Matrix	Block structure	Encodes
$M_0 = \mathrm{blkdiag}(G,G)$	$2T\times 2T$ identity	Base
$M_{11} = \mathrm{blkdiag}(C, 0)$	top-left $T\times T$ block	Own-lag $y_1 \leftarrow y_1$
$M_{22} = \mathrm{blkdiag}(0, C)$	bottom-right $T\times T$ block	Own-lag $y_2 \leftarrow y_2$
$M_{12}$	top-right $T\times T$ block	Cross-lag $y_1 \leftarrow y_2$
$M_{21}$	bottom-left $T\times T$ block	Cross-lag $y_2 \leftarrow y_1$

The sub-diagonal of each block carries the coefficient $-a_{ij}$ (sign convention from the $K\mathbf{y}=\boldsymbol\varepsilon$ formulation).

Cayley reparameterization

Directly optimizing $A$ does not guarantee stationarity: $|a_{ii}| < 1$ for each element is necessary but not sufficient (e.g. $A = \bigl[\begin{smallmatrix}0.9 & 0.9\\ 0.9 & 0.9 \end{smallmatrix}\bigr]$ has $\rho(A)\approx 1.27$ ).

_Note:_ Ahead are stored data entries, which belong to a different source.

(* cellular chain groups (as row spaces) and boundary over Z/2 *)
Definition C0 (S A : scx) := diagp (qinV S A).
Definition C1 (S A : scx) := diagp (qinE S A).
Definition bdry (A : scx) : 'M[F2]_(#|E|, #|{: option V}|) :=
  mxOf (fun e x => (((qends A e).1 == x) : nat) + (((qends A e).2 == x) : nat))%N.
Definition Z1 (S A : scx) := (C1 S A :&: kermx (bdry A))%MS.   (* = H_1 *)
Definition B0 (S A : scx) := (C1 S A *m bdry A)%MS.            (* H_0 = C0/B0 *)

(* chain map of the cellular map S/A -> S'/A' (S <= S', A <= A') induced by
   the identity of G: vertices/edges in A' go to the point * *)
Definition qmapV (A' : scx) (x : option V) : option V :=
  if x is Some v then qproj A' v else None.
Definition F0 (A' : scx) : 'M[F2]_#|{: option V}| :=
  mxOf (fun x y => (qmapV A' x == y) : nat).
Definition F1 (A' : scx) : 'M[F2]_#|E| :=
  mxOf (fun e e' => ((e == e') && ~~ A'.2 e) : nat).

(* rank of the induced map H_k(S/A; Z/2) -> H_k(S'/A'; Z/2) *)
Definition hrank (k : nat) (SA SA' : scx * scx) : nat :=
  let: (S1, A1) := SA in let: (S2, A2) := SA' in
  match k with
  | 0 => (\rank (C0 S1 A1 *m F0 A2 + B0 S2 A2)%MS - \rank (B0 S2 A2))%N
  | 1 => \rank (Z1 S1 A1 *m F1 A2)
  | _ => 0%N
  end.

(* Persistence diagram of H_k applied to a sequence X_0 -> ... -> X_{L-1}
   of sub-quotients (maps induced by identity of G): the multiplicity of
   the interval [b, d] (0 <= b <= d <= L-1) in the interval decomposition,
   computed from the rank invariant r(b,d) = rank(H_k X_b -> H_k X_d). *)
Definition rkz (L : nat) (sp : nat -> scx * scx) (k b d : nat) : int :=
  if (b <= d < L)%N then (hrank k (sp b) (sp d))%:Z else 0.
Definition pdiag (L : nat) (sp : nat -> scx * scx) (k : nat) (b d : nat) : int :=
  if (b <= d < L)%N then
    rkz L sp k b d - (if b is b'.+1 then rkz L sp k b' d else 0)
    - rkz L sp k b d.+1 + (if b is b'.+1 then rkz L sp k b' d.+1 else 0)
  else 0.

Variable R : realType.
Variable f : cell G -> R.

(* distinct values a_0 < ... < a_n ; N = n + 1 *)
Definition fvals : seq R := sort <=%R (undup [seq f c | c : cell G]).
Definition nlev : nat := size fvals.
Definition aval (i : nat) : R := nth 0 fvals i.

Definition inGi (i : nat) (c : cell G) : bool := f c <= aval i.
Definition Gi (i : nat) : scx := (fun v => inGi i (inl v), fun e => inGi i (inr e)).
(* G_{i-1}, with G_{-1} = empty *)
Definition inGprev (i : nat) (c : cell G) : bool :=
  if i is i'.+1 then inGi i' c else false.
Definition newcell (i : nat) (c : cell G) : bool := inGi i c && ~~ inGprev i c.
Definition IC (i : nat) : scx :=
  (fun v => newcell i (inl v) ||
            [exists e, newcell i (inr e) &&
                       (((gends G e).1 == v) || ((gends G e).2 == v))],
   fun e => newcell i (inr e)).
(* A_j = IC_n u IC_{n-1} u ... u IC_{n-j+1}  (A_0 empty, A_{n+1} = G) *)
Definition Acontr (j : nat) : scx :=
  (fun v => [exists i : 'I_nlev, (nlev - j <= i)%N && (IC i).1 v],
   fun e => [exists i : 'I_nlev, (nlev - j <= i)%N && (IC i).2 e]).

(* Forward: G_0 -> ... -> G_n (positions 0..n). *)
Definition fwdPD (k : nat) : nat -> nat -> int :=
  pdiag nlev (fun i => (Gi i, scx_empty)) k.
(* Backward: G = G/A_0 -> G/A_1 -> ... -> G/A_{n+1} = point (positions 0..n+1). *)
Definition bwdPD (k : nat) : nat -> nat -> int :=
  pdiag nlev.+1 (fun j => (scx_full, Acontr j)) k.

End Homology.

Definition same_fwd (R : realType) (G H : cgraph) (fG : cell G -> R) (fH : cell H -> R) :=
  forall k b d : nat, fwdPD fG k b d = fwdPD fH k b d.
Definition same_bwd (R : realType) (G H : cgraph) (fG : cell G -> R) (fH : cell H -> R) :=
  forall k b d : nat, bwdPD fG k b d = bwdPD fH k b d.

From mathcomp Require Import all_boot all_order all_algebra reals.
From Stdlib Require Import FunctionalExtensionality.
Set Implicit Arguments. Unset Strict Implicit. Unset Printing Implicit Defensive.
Import Order.TTheory GRing.Theory Num.Theory.
Local Open Scope ring_scope.

(* Colour vertices by 0/1 and filter by colour.  Take the graph with an isolated
   vertex va and one edge vb -- vc, where vc always has colour 1.  The forward
   diagrams only see how many vertices are born at time 0.  The backward ones
   collapse IC_1, the closure of the cells born at time 1; it always contains
   the late edge and hence vb and vc, so they only see whether va is late.
   Colouring (va, vb) as (0, 1) and (1, 0) thus gives equal forward but
   different backward diagrams, and (0, 0) against (0, 1) the reverse. *)

Definition funmx (T U : finType) (g : T -> U) : 'M['F_2]_(#|T|, #|U|) :=
  mxOf (fun x y => (g x == y) : nat).

Section Indicators.
Variable T : finType.

Lemma natbool_F2 (b : bool) : ((b : nat)%:R : 'F_2) = if b then 1 else 0.
Proof. by case: b. Qed.

Lemma diagpE (p : pred T) i j :
  diagp p i j = if (i == j) && p (enum_val i) then 1 else 0.
Proof. by rewrite mxE (inj_eq enum_val_inj) natbool_F2. Qed.

Lemma diagp0 (p : pred T) : p =1 pred0 -> diagp p = 0.
Proof. by move=> p0; apply/matrixP => i j; rewrite diagpE p0 andbF mxE. Qed.

Lemma diagpT (p : pred T) : p =1 predT -> diagp p = 1%:M.
Proof. by move=> p1; apply/matrixP => i j; rewrite diagpE p1 andbT !mxE; case: eqP. Qed.

Lemma row_diagp (p : pred T) i :
  row i (diagp p) = if p (enum_val i) then delta_mx 0 i else 0.
Proof.
apply/rowP => j; rewrite mxE diagpE.
by case: (p _); rewrite ?mxE ?andbT ?andbF //= eq_sym; case: eqP.
Qed.

Lemma delta_sub_diagp (p : pred T) i :
  p (enum_val i) -> (delta_mx (0 : 'I_1) i <= diagp p)%MS.
Proof. by move=> pi; apply: (eq_row_sub i); rewrite row_diagp pi. Qed.

Lemma sub_diagpP m (A : 'M['F_2]_(m, #|T|)) (p : pred T) :
  reflect (forall i y, ~~ p y -> A i (enum_rank y) = 0) (A <= diagp p)%MS.
Proof.
apply: (iffP idP) => [/submxP[W ->] i y npy | A0].
  rewrite mxE big1 // => k _; rewrite diagpE.
  by case: eqP => [->|]; rewrite ?enum_rankK ?(negbTE npy) /= ?mulr0.
have -> : A = A *m diagp p; last exact: submxMl.
apply/matrixP => i j; rewrite mxE (bigD1 j) //= big1 => [|k /negbTE kj].
  rewrite diagpE eqxx /= addr0; case: ifP => [_|/negbT npj]; first by rewrite mulr1.
  by rewrite mulr0 -[j]enum_valK A0.
by rewrite diagpE kj mulr0.
Qed.

Lemma rank_diagp (p : pred T) : \rank (diagp p) = #|p|.
Proof.
pose S := (\sum_(x | p x) <<delta_mx 0 (enum_rank x) : 'rV['F_2]_#|T| >>)%MS.
have /mxdirectP/= rkS : mxdirect S by apply: mxdirect_delta => x y _ _ /enum_rank_inj.
have -> : \rank (diagp p) = \rank S.
  apply/eqmx_rank/andP; split.
    apply/row_subP => i; rewrite row_diagp; case: ifP => [pi|_]; last exact: sub0mx.
    by rewrite -[i in delta_mx _ i]enum_valK (sumsmx_sup (enum_val i)) ?genmxE.
  by apply/sumsmx_subP => x px; rewrite genmxE delta_sub_diagp ?enum_rankK.
rewrite /S rkS -[RHS]sum1_card; apply: eq_bigr => x _.
by rewrite mxrank_gen mxrank_delta.
Qed.

End Indicators.

Lemma row_funmx (T U : finType) (g : T -> U) i :
  row i (funmx g) = delta_mx 0 (enum_rank (g (enum_val i))).
Proof.
apply/rowP => j; rewrite !mxE natbool_F2 /= -(inj_eq enum_val_inj) enum_rankK.
by rewrite eq_sym; case: eqP.
Qed.

Lemma rank_diagp_funmx (T U : finType) (p : pred T) (g : T -> U) (q : pred U) :
  (forall x, p x -> q (g x)) -> (forall y, q y -> exists2 x, p x & g x = y) ->
  \rank (diagp p *m funmx g) = #|q|.
Proof.
move=> pq qp; rewrite -(rank_diagp q); apply/eqmx_rank/andP; split.
  apply/row_subP => i; rewrite row_mul row_diagp; case: ifP => pi.
    by rewrite -rowE row_funmx delta_sub_diagp ?enum_rankK ?pq.
  by rewrite mul0mx sub0mx.
apply/row_subP => j; rewrite row_diagp; case: ifP => qj; last exact: sub0mx.
have [x px gx] := qp _ qj; apply: (eq_row_sub (enum_rank x)).
by rewrite row_mul row_diagp enum_rankK px -rowE row_funmx enum_rankK gx enum_valK.
Qed.
Lemma sinc_gap x0 : 0 < x0 -> exists d, 0 < d /\ forall x, x0 <= x -> sin x / x <= 1 - d.
Proof.
  intros Hx0. exists (Rmin (1 / 2) (2 * x0 ^ 2 / 15)). split.
  { apply Rmin_glb_lt; [lra|]. assert (0 < x0 ^ 2) by (apply pow_lt; lra). lra. }
  intros x Hx. pose proof (Rmin_l (1 / 2) (2 * x0 ^ 2 / 15)). pose proof (Rmin_r (1 / 2) (2 * x0 ^ 2 / 15)).
  set (m := Rmin (1 / 2) (2 * x0 ^ 2 / 15)) in *.
  apply Rmult_le_reg_r with x; [lra|]. unfold Rdiv. rewrite Rmult_assoc, Rinv_l, Rmult_1_r by lra.
  destruct (Rle_or_lt 2 x) as [H2|H2].
  - pose proof (SIN_bound x). nra.
  (* For [x <= 2], [x^5/120 <= x^3/30], so [sin x <= x - 2 x^3/15]. *)
  - pose proof (sin_le_quintic x ltac:(lra)).
    assert (x0 ^ 2 <= x ^ 2) by (apply pow_incr; lra).
    assert (x ^ 5 <= x ^ 3 * 4) by (replace (x ^ 5) with (x ^ 3 * x ^ 2) by ring;
                                    apply Rmult_le_compat_l; [apply pow_le|]; nra).
    assert (m * x <= 2 * x0 ^ 2 / 15 * x) by (apply Rmult_le_compat_r; lra).
    assert (x0 ^ 2 * x <= x ^ 2 * x) by (apply Rmult_le_compat_r; lra).
    replace (x ^ 3) with (x ^ 2 * x) in * by ring. lra.
Qed.

Lemma one_minus_sinc_lower u a theta d : 0 < a -> 0 < theta -> theta <= Rabs u ->
  (forall x, theta * a <= x -> sin x / x <= 1 - d) -> a * d <= a - sin (u * a) / u.
Proof.
  intros Ha Ht Hu Hd.
  assert (Hs := Hd (Rabs u * a) ltac:(apply Rmult_le_compat_r; lra)).
  assert (Hu0 : u <> 0) by (intro Z; rewrite Z, Rabs_R0 in Hu; lra).
  assert (E : sin (u * a) / u = a * (sin (Rabs u * a) / (Rabs u * a))).
  { destruct (Rle_or_lt 0 u) as [H|H].
    - rewrite Rabs_pos_eq by lra. field; split; auto; lra.
    - rewrite Rabs_left by lra. replace (- u * a) with (- (u * a)) by ring.
      rewrite sin_neg. field; split; auto; lra. }
  rewrite E. nra.
Qed.

Lemma cos_transform_gap (F : R -> R) u beta g a theta d kap eta A :
  is_tail F -> 0 <= beta -> 1 <= g -> 0 < a -> 0 < theta -> theta <= Rabs u -> 0 <= d ->
  (forall x, theta * a <= x -> sin x / x <= 1 - d) -> 0 <= kap <= F a ->
  improper_int0 F eta -> improper_int0 (fun t => cos (u * t) * (exp (- beta * t / g) * F t)) A ->
  A <= eta - kap * exp (- beta * a) * (a * d).
Proof.
  intros HF Hbeta Hg Ha Htheta Hu Hd Hsinc Hkap Heta HA.
  assert (Hu0 : u <> 0) by (intro Z; rewrite Z, Rabs_R0 in Hu; lra).
  assert (HI := one_minus_sinc_lower u a theta d Ha Htheta Hu Hsinc).
  assert (HA' := cos_transform_bound F u beta g a HF Hbeta Hg Ha Hu0 eta A Heta HA).
  pose proof (exp_pos (- beta * a)).
  assert (kap * exp (- beta * a) * (a * d) <= F a * exp (- beta * a) * (a - sin (u * a) / u))
    by (apply Rmult_le_compat; nra).
  lra.
Qed.

Lemma Un_cv_1_of_scaled_defect (gam x : nat -> R) l :
  Un_cv (fun n => gam n * (1 - x n)) l -> cv_infty gam -> Un_cv x 1.
Proof.
  intros Hc Hg eps Heps.
  destruct (Hc 1 Rlt_0_1) as [N1 HN1].
  destruct (Hg ((Rabs l + 1) / eps)) as [N2 HN2].
  exists (Nat.max N1 N2). intros n Hn.
  assert (H1 := HN1 n ltac:(lia)). assert (H2 := HN2 n ltac:(lia)).
  unfold R_dist in *.
  assert (Hq : 0 < (Rabs l + 1) / eps) by (apply Rdiv_lt_0_compat; [pose proof (Rabs_pos l)|]; lra).
  assert (Hb : Rabs (gam n * (1 - x n)) < Rabs l + 1) by (pose proof (Rabs_triang_inv (gam n * (1 - x n)) l); lra).
  rewrite Rabs_mult, (Rabs_pos_eq (gam n)), <- Rabs_Ropp in Hb by lra.
  replace (- (1 - x n)) with (x n - 1) in Hb by ring.
  apply Rmult_lt_reg_l with (gam n); [lra|].
  apply Rlt_trans with (Rabs l + 1); auto.
  apply Rmult_lt_reg_r with (/ eps); [apply Rinv_0_lt_compat; auto|].
  rewrite Rmult_assoc, Rinv_r, Rmult_1_r by lra. exact H2.
Qed.

Lemma le_sqrt_sum_sq e X Y : 0 <= e -> e <= X -> e <= sqrt (X ^ 2 + Y ^ 2).
Proof.
  intros He HX. rewrite <- (sqrt_pow2 e He).
  apply sqrt_le_1_alt. pose proof (pow2_ge_0 Y). simpl. nra.
Qed.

var1() uses four unconstrained parameters $\theta = (p_1, p_2, p_3, p_4)$ and the Cayley transform to produce any stationary $2\times 2$ matrix:

$J = \begin{pmatrix} 0 & p_1 \\ -p_1 & 0 \end{pmatrix},\quad L = \begin{pmatrix} p_2 & 0 \\ p_3 & p_4 \end{pmatrix},\quad R = LL^\top + \varepsilon I_2$

$S = J - R, \qquad A = (I_2 + S)(I_2 - S)^{-1}.$

Why does this guarantee $\rho(A)<1$ ?

$S + S^\top = J + J^\top - 2R = -2R$ , which is negative definite. Hence every eigenvalue of $S$ has strictly negative real part. The Cayley transform maps matrices with all eigenvalues having $\text{Re}(\lambda) < 0$ to matrices with all eigenvalues inside the unit disk: $|\text{eigenvalue}(A)| < 1$ .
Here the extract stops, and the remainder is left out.